“稳住!枪阵收紧——盾牌靠拢!”
对方的气势,瞬间让马传林压力骤增,刚刚击溃流寇炮灰的轻松感荡然无存。暁税宅 庚芯醉全
这些老营流寇,战斗经验极其丰富,他们多人一组,专挑太湖营盾牌间的细微缝隙,或是长枪手转换方向时,露出的短暂破绽进行猛攻。他们的打法更加狠辣,往往一人佯攻吸引注意,另外几人便从侧翼或下方发动致命一击。

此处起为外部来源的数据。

(* Let $c>0$, $0<\delta<1$, $M\ge1$ and let $\chi:\mathbb R\to\mathbb R$ satisfy $\chi(t)=ct$ for every $t\ge-\delta$ and $\chi|_{(-\infty,0]}\in\widetilde{\mathcal W}^-\cup\mathcal W^+_M$. Let $g$ be a smooth function on $\mathbb R$ supported in $[-1,1]$ with $g(t)=g(-t)$, $0\le g\le1$, $\int_{\mathbb R}g=1$; put $g_\epsilon(t)=\epsilon^{-1}g(t/\epsilon)$ and $\chi_\epsilon=\chi*g_\epsilon$ for $\epsilon>0$. Then: (i) if $\chi|_{(-\infty,0]}\in\widetilde{\mathcal W}^-$, then $\chi_\epsilon|_{(-\infty,0]}\in\widetilde{\mathcal W}^-$ for every $0<\epsilon<\delta$, $\chi_\epsilon\searrow\chi$ as $\epsilon\searrow0$, and $\sup(\chi_\epsilon-\chi)\le c\epsilon$; (ii) if $\chi|_{(-\infty,0]}\in\mathcal W^+_M$ and $0<\epsilon<\delta^2/2$, then $\chi_\epsilon|_{(-\infty,0]}\in\mathcal W^+_{M/(1-\delta)}$; moreover, if $0<\epsilon<\delta^2/8$, then $\overline\chi_\epsilon:=\chi_\epsilon(\cdot+\epsilon)-c\epsilon$ satisfies $\overline\chi_\epsilon|_{(-\infty,0]}\in\mathcal W^+_{M/(1-\delta)^2}$ and $\overline\chi_\epsilon\ge\chi-c\epsilon$, and $\overline\chi_\epsilon\to\chi$ uniformly on compact subsets of $\mathbb R$ as $\epsilon\to0$.
   Context: $\widetilde{\mathcal W}^-$: convex non-decreasing $\chi:\mathbb R_{\le0}\to\mathbb R_{\le0}$, $\chi(0)=0$, $\chi\not\equiv0$. $\mathcal W^+_M$: increasing concave $\chi:\mathbb R_{\le0}\to\mathbb R_{\le0}$, $\chi(0)=0$, $\chi<0$ on $(-\infty,0)$, $|t\chi'(t)|\le M|\chi(t)|$ for $t\le0$. *)

From Stdlib Require Import Reals Lra.
From Coquelicot Require Import Coquelicot.
Open Scope R_scope.

Definition conv (f h : R -> R) (t : R) : R :=
  RInt_gen (fun s => f (t - s) * h s) (Rbar_locally m_infty) (Rbar_locally p_infty).

Definition mollif (g : R -> R) (eps : R) (t : R) : R := / eps * g (t / eps).

Definition chi_eps (chi g : R -> R) (eps : R) : R -> R := conv chi (mollif g eps).

Definition chibar_eps (chi g : R -> R) (c eps : R) (t : R) : R :=
  chi_eps chi g eps (t + eps) - c * eps.

(* The classes below are predicates on the restriction f|_{(-oo,0]}:
   they only mention values of f at points t <= 0. *)

Definition Wminus_tilde (f : R -> R) : Prop :=
  (forall x y l, x <= 0 -> y <= 0 -> 0 <= l <= 1 ->
     f (l * x + (1 - l) * y) <= l * f x + (1 - l) * f y) /\
  (forall x y, x <= y -> y <= 0 -> f x <= f y) /\
  (forall t, t <= 0 -> f t <= 0) /\
  f 0 = 0 /\
  (exists t, t <= 0 /\ f t <> 0).

(* W^+_M : increasing concave f : R_{<=0} -> R_{<=0}, f(0)=0, f<0 on (-oo,0),
   |t f'(t)| <= M |f(t)| for t <= 0 (at every t < 0 where f is differentiable;
   at t = 0 the left side vanishes). *)
Definition Wplus (M : R) (f : R -> R) : Prop :=
  (forall x y, x < y -> y <= 0 -> f x < f y) /\
  (forall x y l, x <= 0 -> y <= 0 -> 0 <= l <= 1 ->
     l * f x + (1 - l) * f y <= f (l * x + (1 - l) * y)) /\
  (forall t, t <= 0 -> f t <= 0) /\
  f 0 = 0 /\
  (forall t, t < 0 -> f t < 0) /\
  (forall t d, t < 0 -> is_derive f t d -> Rabs (t * d) <= M * Rabs (f t)).
Lemma proj_rep_assoc_tprod_mod G N K (thetab : 'CF(N / K)) (theta : 'CF(N))
    n1 (Pb : coset_of K -> 'M[algC]_n1) alphab n2 (P : gT -> 'M[algC]_n2) alpha :
    K <| G -> K \subset N -> N \subset G ->
    proj_rep_assoc (G / K) (N / K) thetab Pb alphab ->
    proj_rep_assoc G N theta P alpha ->
  proj_rep_assoc G N ((thetab %% K)%CF * theta)
    (fun x => tprod (Pb (coset K x)) (P x))
    (fun x y => alphab (coset K x) (coset K y) * alpha x y).
Proof.
move=> nsKG sKN sNG [Pb1 Pbu PbM [[Pbr1 PbrM] Pbtr] PbN] [P1 Pu PM [[Pr1 PrM] Ptr] PN].
have nKG := normal_norm nsKG; have nsKN := normalS sKN sNG nsKG.
have cosetM x y : x \in G -> y \in G -> coset K (x * y)%g = (coset K x * coset K y)%g.
  by move=> Gx Gy; rewrite morphM ?(subsetP nKG).
have qG x : x \in G -> coset K x \in (G / K)%g by apply: mem_quotient.
have qN x : x \in N -> coset K x \in (N / K)%g by apply: mem_quotient.
have GN := subsetP sNG.
split.
- by rewrite cfunE cfMod1 Pb1 P1 natrM.
- move=> x Gx; have [uPb uP] := (Pbu _ (qG x Gx), Pu x Gx).
  have : tprod (Pb (coset K x)) (P x) *m
         tprod (invmx (Pb (coset K x))) (invmx (P x)) = 1%:M.
    by rewrite -tprodE !mulmxV ?tprod1.
  by case/mulmx1_unit.
- by move=> x y Gx Gy; rewrite -tprodE PbM ?PM ?qG // tprodZl tprodZr scalerA cosetM.
- split; [split|].
  + by rewrite morph1 Pbr1 Pr1 tprod1.
  + by move=> x y Nx Ny; rewrite cosetM ?GN // PbrM ?PrM ?qN // tprodE.
  + by move=> x Nx; rewrite mxtrace_prod Pbtr ?Ptr ?qN // cfunE cfModE.
- move=> x m Gx Nm; have Gm := GN m Nm.
  have [PbxM PbMx] := PbN _ _ (qG x Gx) (qN m Nm).
  have [PxM PMx] := PN _ _ Gx Nm.
  by rewrite !cosetM // PbxM PbMx PxM PMx !tprodE.
Qed.

Lemma char_triple_Res G N H K (theta : 'CF(N)) :
    H \subset G -> K \subset N :&: H ->
    char_triple G N theta -> 'Res[K] theta \in irr K ->
  char_triple H (N :&: H) ('Res theta).
Proof.
move=> sHG sKNH [nsNG irr_theta IGtheta] irrKtheta.
have nsNHH : N :&: H <| H by rewrite setIC (normalGI sHG nsNG).
split=> //.
  apply: (@cfRes_irr_irr _ _ K); first by rewrite cfRes_char ?irrWchar.
  by rewrite cfResRes ?subsetIl.
have IHtheta : 'I_H[theta] = H by apply/setIidPl/(subset_trans sHG).
by rewrite -{1}IHtheta (subset_trans (sub_inertia_Res _ (normal_norm nsNHH))) ?subsetIr.
Qed.

(* Gallagher's theorem gives irreducibility, since 'Res[K] theta is irreducible. *)
Lemma char_triple_mod_mul G N K (b : Iirr (N / K)) (theta : 'CF(N)) :
    K <| G -> K \subset N ->
    char_triple (G / K) (N / K) 'chi_b -> char_triple G N theta ->
    'Res[K] theta \in irr K ->
  char_triple G N (('chi_b %% K)%CF * theta).
Proof.
move=> nsKG sKN [_ _ IGb] [nsNG /irrP[t ->] IGt] /irrP[s Dt].
have nsKN : K <| N := normalS sKN (normal_sub nsNG) nsKG.
have [irrMt _ _ _] := constt_Ind_ext nsKN Dt.
split=> //; first by rewrite -mod_IirrE.
apply: subset_trans (inertia_mul _ _); rewrite subsetI IGt andbT.
apply/subsetP=> y Gy; rewrite inE (subsetP (normal_norm nsNG)) //=.
by rewrite (cfConjgMod _ nsNG nsKG Gy) inertiaJ // (subsetP IGb) ?mem_quotient.
Qed.

End ProjRepConstructions.

Theorem proposition2p5 (gT : finGroupType) (p : nat) (G N H K : {group gT})
    (zeta : Iirr N) (chib : Iirr (N / K)) (psib : Iirr ((N :&: H) / K)) :
  prime p ->
  N <| G -> H \subset G -> G :=: (N * H)%g ->
  K <| G -> K \subset N :&: H ->
  p'_degree p 'chi_zeta -> G \subset 'I['chi_zeta] ->
  'Res[K] 'chi_zeta \in irr K ->
  p'_degree p 'chi_chib -> p'_degree p 'chi_psib ->
  geq_c (G / K)%G (N / K)%G 'chi_chib (H / K)%G ((N :&: H) / K)%G 'chi_psib ->
  geq_c G N (('chi_chib %% K)%CF * 'chi_zeta)
        H (N :&: H)%G (('chi_psib %% K)%CF * 'Res[(N :&: H)%G] 'chi_zeta).
Proof.
move=> _ nsNG sHG defG nsKG sKNH _ IGzeta irrKzeta _ _.
case=> trGb trHb [_ _ sCGbHb] [n [n' [P [P' [a [a' [PG PH eq_a cent_eq]]]]]]].
have sNG := normal_sub nsNG.
have sKH : K \subset H := subset_trans sKNH (subsetIr N H).
have sKN : K \subset N := subset_trans sKNH (subsetIl N H).
have nsKH : K <| H := normalS sKH sHG nsKG.
have trG : char_triple G N 'chi_zeta by split; rewrite ?mem_irr.
have [d [Q [beta [QG cent_Q]]]] := invariant_irr_proj_rep nsNG IGzeta.
split.
- exact: char_triple_mod_mul.
- apply: char_triple_mod_mul (char_triple_Res sHG sKNH trG irrKzeta) _ => //.
  by rewrite cfResRes ?subsetIl.
- split=> //; rewrite -(quotientSGK _ sKH) ?(subset_trans (subsetIl _ _)) ?normal_norm //.
  exact: subset_trans (quotient_subcent _ _ _) sCGbHb.
exists (n * d)%N, (n' * d)%N,
  (fun x => tprod (P (coset K x)) (Q x)), (fun x => tprod (P' (coset K x)) (Q x)),
  (fun x y => a (coset K x) (coset K y) * beta x y),
  (fun x y => a' (coset K x) (coset K y) * beta x y).
split.
- exact: proj_rep_assoc_tprod_mod.
- apply: proj_rep_assoc_tprod_mod => //; first exact: subsetIr.
  exact: proj_rep_assoc_Res (subsetIl N H) QG.
- by move=> x y Hx Hy; rewrite eq_a ?mem_quotient.
- move=> c CGc; have [b ->] := cent_Q c CGc.
  have CGbc := subsetP (quotient_subcent _ _ _) _ (mem_quotient K CGc).
  have [b' [-> ->]] := cent_eq _ CGbc.
  by exists (b' * b); rewrite !tprod_scalar.
Qed.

“砰!啊”章福松听到身旁传来一声惨叫,抬头一看,只见本队一名刀牌手,他的头颅被一柄利斧硬生生劈开,手中的藤牌也被砍成两半。
那持斧的流寇浓密黑须,一脸彪悍,咧著嘴露出满口黄牙,对着章福松狰狞一笑,敏捷地往侧边一跳,灵巧地躲开他刺出的枪头,然后就地一滚,巨斧带着恶风,竟拦腰向他横扫而来。
章福松本能反应,迅速朝左前方跨出两大步,惊险地避开了腰斩之厄,但瞬间,对面另一名流寇配合默契,手中长矛已如同毒蛇般疾刺而出,瞬间扎进了他胸前的棉甲!
“呃啊!”剧痛袭来,章福松脸上瞬间冒出黄豆般大小的汗珠,一股热流从胸前伤口处涌出,迅速染红了棉甲。幸好棉甲足够厚实,矛头只刺入半分,未伤及内脏,但疼痛已足以让他动作变形。
章福松顾不得查看伤口,持枪拼命格挡开后续的攻击。余光惊恐地瞥见,本队来自望江的同乡廖化平,他的枪头刚被一名流寇用包铁木盾猛地磕开,中门大开,另一名贴地滚进的流寇刀光一闪,便精准地切过了他的手腕!
“啊——!我的手——!”廖化平发出一声撕心裂肺的惨嚎,抱着那只剩下皮肉牵连、鲜血如泉涌的断腕,直挺挺地倒了下去,瞬间就被混乱踩踏的脚步所淹没,凄厉的余音还在河谷间回荡。
无边的恐惧瞬间缠紧了章福松的心脏,几乎让他窒息。他发现自己陷入了前所未有的苦战。侧翼那个持斧的彪悍流寇,力量奇大无比,每一次势大力沉的劈砍,都带着沉闷的风声,震得他虎口崩裂,鲜血长流,长枪几次都险些脱手飞出。
他只能凭著求生的本能,机械地格挡、后退,平日操练得纯熟无比的枪法早已散乱不堪,破绽百出。
就这片刻工夫,他的臂膀、腰间又被划开了好几道血口子,火辣辣地疼,冰冷的汗水混著血水浸透征衣。
在卓老二嘶哑的督战声中,流寇老营仗着身上或多或少都有些破烂却实用的铁甲棉甲,硬顶着太湖营零星的反击,呈一个致命的半圆形,一步步、一层层地挤压过来。他们不顾刀枪砍刺在身上发出的“叮当”闷响,只是红着眼,如同磨盘般狠狠推进。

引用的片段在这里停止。